Iranians will take to the streets to celebrate an ancient Iranian holiday, despite warnings by officials who are uncomfortable with this pre-Islamic holiday.
An Iranian woman jumps over a bonfire in southern Tehran on March 19, 2013 during the Wednesday Fire feast, or Chaharshanbeh Soori, held annually on the last Wednesday eve before the Spring holiday of Noruz. The Iranian new year that begins on March 20 coincides with the first day of spring during which locals revive the Zoroastrian celebration of lighting a fire and dancing around the flame.
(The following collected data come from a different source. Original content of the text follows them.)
Lemma tulap0_cdfE_ge0 (x : R) k : round_cell x k -> 0 <= x -> L x = 1 - tulap_upper x k.
Proof.
rewrite /tulap0_cdf -[0 : R]/(0%:~R) nearest_int_intr subr0 => xk x_ge0.
b_bounds; case: ifP => x_le0; last by congr (_ - _); exact/tulap_upper_cell/xk/nearest_int_cell.
have x0 : x = 0 by lra.
move: xk; rewrite x0 => /round_cell0 ->.
by rewrite (round_cell0 (nearest_int_cell (0 : R))) /tulap_upper oppr0 expr0z; field.
Qed.

Lemma tulap0_cdfN (x : R) : L (- x) = 1 - L x.
Proof.
have xk := nearest_int_cell x; have xNk := round_cellN xk.
case: (leP 0 x) => x0.
- rewrite (tulap0_cdfE_ge0 xk x0) (tulap0_cdfE_le0 xNk) ?oppr_le0 //.
  by rewrite /tulap_lower /tulap_upper opprK intrN; ring.
- rewrite (tulap0_cdfE_le0 xk (ltW x0)) (tulap0_cdfE_ge0 xNk) ?oppr_ge0 ?(ltW x0) //.
  by rewrite /tulap_lower /tulap_upper intrN opprK; ring.
Qed.

Let intrB1 (k : int) : (k - 1)%:~R = k%:~R - 1 :> R.
Proof. by rewrite intrB. Qed.

Let binv_ge1 : 1 <= b^-1.
Proof. by rewrite invr_ge1 ?unitfE //; b_bounds; lra. Qed.

Let expz_antihomo (m n : int) : m <= n -> b ^ n <= b ^ m.
Proof.
have expz_inv k : b ^ k = b^-1 ^ (- k) by rewrite exprz_inv opprK.
by move=> mn; rewrite !expz_inv; apply: (ler_weXz2l binv_ge1); rewrite lerN2.
Qed.

Let upper_factor_bounds (x : R) k : round_cell x k ->
  b <= b + (k%:~R - x + 2^-1) * (1 - b) <= 1.
Proof.
b_bounds; move=> /andP[k1 k2].
have : 0 <= (k%:~R - x + 2^-1) * (1 - b) by apply: mulr_ge0; lra.
have : (k%:~R - x + 2^-1) * (1 - b) <= 1 * (1 - b) by apply: ler_wpM2r; lra.
by move=> ? ?; apply/andP; split; lra.
Qed.

Lemma tulap0_cdf_homo_ge0 (x y : R) : 0 <= x -> x <= y -> L x <= L y.
Proof.
b_bounds; move=> x0 xy.
have xk := nearest_int_cell x; set k := nearest_int x in xk.
have yj := nearest_int_cell y; set j := nearest_int y in yj.
rewrite (tulap0_cdfE_ge0 xk x0) (tulap0_cdfE_ge0 yj) ?(le_trans x0 xy) // lerD2l lerN2.
have bk : 0 <= b ^ k / (1 + b) by apply: divr_ge0; [exact: exprz_ge0 (ltW b_gt0)|lra].
have bj : 0 <= b ^ j / (1 + b) by apply: divr_ge0; [exact: exprz_ge0 (ltW b_gt0)|lra].
have /andP[_ fy_le1] := upper_factor_bounds yj.
have /andP[fx_geb _] := upper_factor_bounds xk.
move: (xk) (yj) => /andP[k1 k2] /andP[j1 j2].
case: (ltgtP k j) => [kj|jk|kj]; rewrite /tulap_upper.
- have bjk : b ^ j <= b ^ k * b by rewrite -expzS; apply: expz_antihomo; rewrite lezD1.
  apply: (le_trans (ler_wpM2l bj fy_le1)); rewrite mulr1.
  apply: le_trans (ler_wpM2l bk fx_geb); rewrite mulrAC.
  by apply: ler_wpM2r => //; rewrite invr_ge0; lra.
- have jk' : j%:~R + 1 <= k%:~R :> R by rewrite -intrD1 ler_int lezD1.
  have yx : y = x by lra.
  rewrite -/(tulap_upper y j) -/(tulap_upper x k) yx.
  by rewrite (tulap_upper_cell xk (_ : round_cell x j)) -?yx.
- rewrite kj; apply: ler_wpM2l => //; rewrite lerD2l.
  by apply: ler_wpM2r; lra.
Qed.

Lemma tulap0_cdf_homo : {homo L : x y / x <= y}.
Proof.
have homo_le0 u v : u <= v -> v <= 0 -> L u <= L v.
  move=> uv v0; rewrite -[u]opprK -[v]opprK (tulap0_cdfN (- u)) (tulap0_cdfN (- v)).
  rewrite lerD2l lerN2.
  by apply: tulap0_cdf_homo_ge0; lra.
move=> x y xy; case: (leP 0 x) => x0; first exact: tulap0_cdf_homo_ge0.
case: (leP y 0) => y0; first exact: homo_le0.
by apply: (@le_trans _ _ (L 0)); [apply: homo_le0|apply: tulap0_cdf_homo_ge0]; lra.
Qed.

Definition tulap_gap (x : R) := b^-1 * L (x - 1) - L x.

Lemma tulap_gap_le_half (x : R) : x <= 2^-1 -> tulap_gap x = 0.
Proof.
b_bounds; move=> x_half; rewrite /tulap_gap; case: (leP x 0) => x0.
  have xk := nearest_int_cell x; set k := nearest_int x in xk.
  have x1_le0 : x - 1 <= 0 by lra.
  rewrite (tulap0_cdfE_le0 xk x0) (tulap0_cdfE_le0 (round_cellB1 xk) x1_le0).
  rewrite /tulap_lower (_ : - (k - 1) = - k + 1); last by ring.
  by rewrite expzS intrB1; field; rewrite b1_neq0 b_neq0.
have x_cell0 : round_cell x 0 by apply/andP; split; lra.
have x1_cell : round_cell (x - 1) (0 - 1) by rewrite /round_cell intrB1; apply/andP; split; lra.
rewrite (tulap0_cdfE_ge0 x_cell0) ?(tulap0_cdfE_le0 x1_cell); [|lra|lra].
by rewrite /tulap_lower /tulap_upper intrB1 sub0r opprK expr0z expr1z; field; rewrite ?b1_neq0 ?b_neq0.
Qed.

Lemma tulap_gap_mid (x : R) : 2^-1 <= x <= 1 ->
  tulap_gap x = (x - 2^-1) * ((1 - b) * (b^-1 - b) / (1 + b)).
Proof.
b_bounds; move=> /andP[x1 x2].
have x_cell1 : round_cell x 1 by apply/andP; split; lra.
have x1_cell0 : round_cell (x - 1) 0 by apply/andP; split; lra.
rewrite /tulap_gap (tulap0_cdfE_ge0 x_cell1) ?(tulap0_cdfE_le0 x1_cell0); [|lra|lra].
by rewrite /tulap_lower /tulap_upper oppr0 expr0z expr1z; field; rewrite ?b1_neq0 ?b_neq0.
Qed.

Lemma tulap_gap_ge1 (x : R) : 1 <= x ->
  tulap_gap x = b^-1 - 1 - (b^-1 - b) * (1 - L (x - 1)).
Proof.
move=> x1; have xk := nearest_int_cell x; set k := nearest_int x in xk.
rewrite /tulap_gap (tulap0_cdfE_ge0 xk) ?(tulap0_cdfE_ge0 (round_cellB1 xk)); [|lra|lra].
rewrite /tulap_upper -[in b ^ k](subrK 1 k) expzS intrB1.
by field; rewrite ?b1_neq0 ?b_neq0.
Qed.

Lemma tulap_gap_homo : {homo tulap_gap : x y / x <= y}.
Proof.
b_bounds.
have homo_ge1 u v : 1 <= u -> u <= v -> tulap_gap u <= tulap_gap v.
  move=> u1 uv; rewrite !tulap_gap_ge1 ?(le_trans u1 uv) // lerD2l lerN2.
  apply: ler_wpM2l; first by have ? := binv_ge1; lra.
  by rewrite lerD2l lerN2 tulap0_cdf_homo // lerD2r.
have homo_mid u v : 2^-1 <= u -> u <= v -> v <= 1 -> tulap_gap u <= tulap_gap v.
  move=> u_half uv v1; rewrite !tulap_gap_mid; [|lra|lra].
  apply: ler_wpM2r; last lra.
  by have ? := binv_ge1; apply: divr_ge0; [apply: mulr_ge0|]; lra.
have homo_ge_half u v : 2^-1 <= u -> u <= v -> tulap_gap u <= tulap_gap v.
  move=> u_half uv; case: (leP v 1) => v1; first exact: homo_mid.
  case: (leP 1 u) => u1; first exact: homo_ge1.
  by apply: (@le_trans _ _ (tulap_gap 1)); [apply: homo_mid|apply: homo_ge1]; lra.
move=> x y xy; case: (leP x 2^-1) => x_half; last exact: homo_ge_half (ltW x_half) xy.
rewrite tulap_gap_le_half // -(tulap_gap_le_half (lexx 2^-1)).
case: (leP y 2^-1) => y_half; first by rewrite !tulap_gap_le_half.
by apply: homo_ge_half; lra.
Qed.

Lemma tulap_gap_ge0 (x : R) : 0 <= tulap_gap x.
Proof.
case: (leP x 2^-1) => x_half; first by rewrite tulap_gap_le_half.
by rewrite -(tulap_gap_le_half (lexx 2^-1)) tulap_gap_homo // ltW.
Qed.

Lemma tulap0_cdf_le_shift (x : R) : L x <= b^-1 * L (x - 1).
Proof. by rewrite -subr_ge0; exact: tulap_gap_ge0. Qed.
AFP PHOTO/BEHROUZ MEHRI        (Photo credit should read BEHROUZ MEHRI/AFP/Getty Images)

Once again, the ancient Iranian festival Chaharshanbe Suri, the eve of the last Wednesday before the Iranian new year, was preceded by strong warnings from police and high-ranking officials. But the early celebrations and sound of firecrackers over the last week or so in the streets of Tehran and other large cities indicate people's intention to keep the festival alive.

On March 1, Taghi Mehri, head of the Tehran police's Prevention Unit, announced a prohibition of marking Chaharshanbe Suri. "Just like past years, police will take legal actions against those who bother people or block main streets," he said.